**TASK ITEM**:
Only an exact copy of the records, from the line with "have tilt := tilted_line_le" through the last line, is wanted.

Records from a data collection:
(* If fc rose strictly above its tangent l right after b, then l tilted upward
   by t * (v - b + e) would still lie below f (near b because f > l there,
   far from b because fc - l grows linearly), contradicting maximality of fc. *)
Lemma conv_minorant_tangent_right b s : subdiff fc b s -> fc b < f b ->
  exists2 d, 0 < d & forall w, b <= w <= b + d -> fc w = fc b + s * (w - b).
Proof.
move=> sb fb; pose l w := s * w + (fc b - s * b); pose D := f b - fc b.
have lE w : l w = fc b + s * (w - b) by rewrite /l; ring.
have lfc w : l w <= fc w by rewrite lE; exact: sb.
have lf v : l v <= f v := le_trans (lfc v) (conv_minorant_le v).
have hD : D / 2 < f b - (s * b + (fc b - s * b)) by rewrite /D; lra.
have fl_cont : continuous (fun v => f v - (s * v + (fc b - s * b))).
  exact: continuous_subr_affine.
have [r r0 near] := continuous_gt_near (fl_cont b) hD.
exists (r / 2) => [|w /andP[bw wbr]]; first exact: divr_gt0.
rewrite -lE; have [->|wb] := eqVneq w b; first by rewrite lE subrr mulr0 addr0.
have {}bw : b < w by rewrite lt_neqAle eq_sym wb.
apply/le_anti; rewrite lfc andbT leNgt; apply/negP => lw.
pose e := w - b; pose c := slope fc b w - s; pose t := Num.min (c / 2) (D / (4 * e)).
have e0 : 0 < e by rewrite subr_gt0.
have slope_w := slopeM fc (negbT (lt_eqF bw)).
have c0 : 0 < c by rewrite subr_gt0 -(ltr_pM2r e0) /e; rewrite /l in lw; lra.
have t0 : 0 < t by rewrite lt_min !divr_gt0 ?mulr_gt0 // subr_gt0.
have tc : 2 * t <= c.
  have : t <= c / 2 by rewrite /t ge_min lexx.
  lra.
have tD : 2 * t * e <= D / 2.
  have : t <= D / (4 * e) by rewrite /t ge_min lexx orbT.
  by rewrite ler_pdivlMr ?mulr_gt0 //; lra.
have far v : b + e <= v -> l v + c * (v - b) <= f v.
  move=> ev; apply: le_trans (conv_minorant_le v); rewrite /e in ev.
  have := slope_mono_r convex_conv_minorant bw (_ : w <= v).
  have := slopeM fc (_ : b != v); rewrite lE /c.
  move=> /(_ ltac:(rewrite lt_eqF //; lra)) slope_v /(_ ltac:(lra)) le_slope.
  have vb : 0 <= v - b by lra.
  have := ler_wpM2r vb le_slope; lra.
have nearer v : `|v - b| <= e -> l v + 2 * t * e <= f v.
  move=> vb; have er : e <= r / 2 by rewrite /e; lra.
  have /near : `|v - b| < r by lra.
  rewrite /l; lra.
have tilt := tilted_line_le e0 (ltW t0) tc lf nearer far.
have := @conv_minorant_ge_affine (s + t) (fc b - s * b + t * (e - b)) b.
have -> : (s + t) * b + (fc b - s * b + t * (e - b)) = fc b + t * e by ring.
suff /[swap]/[apply] : forall z, (s + t) * z + (fc b - s * b + t * (e - b)) <= f z.
  by have := mulr_gt0 t0 e0; lra.
by move=> z; have := tilt z; rewrite /l; lra.
Qed.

**YOUR RESPONSE**:
have tilt := tilted_line_le e0 (ltW t0) tc lf nearer far.
have := @conv_minorant_ge_affine (s + t) (fc b - s * b + t * (e - b)) b.
have -> : (s + t) * b + (fc b - s * b + t * (e - b)) = fc b + t * e by ring.
suff /[swap]/[apply] : forall z, (s + t) * z + (fc b - s * b + t * (e - b)) <= f z.
  by have := mulr_gt0 t0 e0; lra.
by move=> z; have := tilt z; rewrite /l; lra.
Qed.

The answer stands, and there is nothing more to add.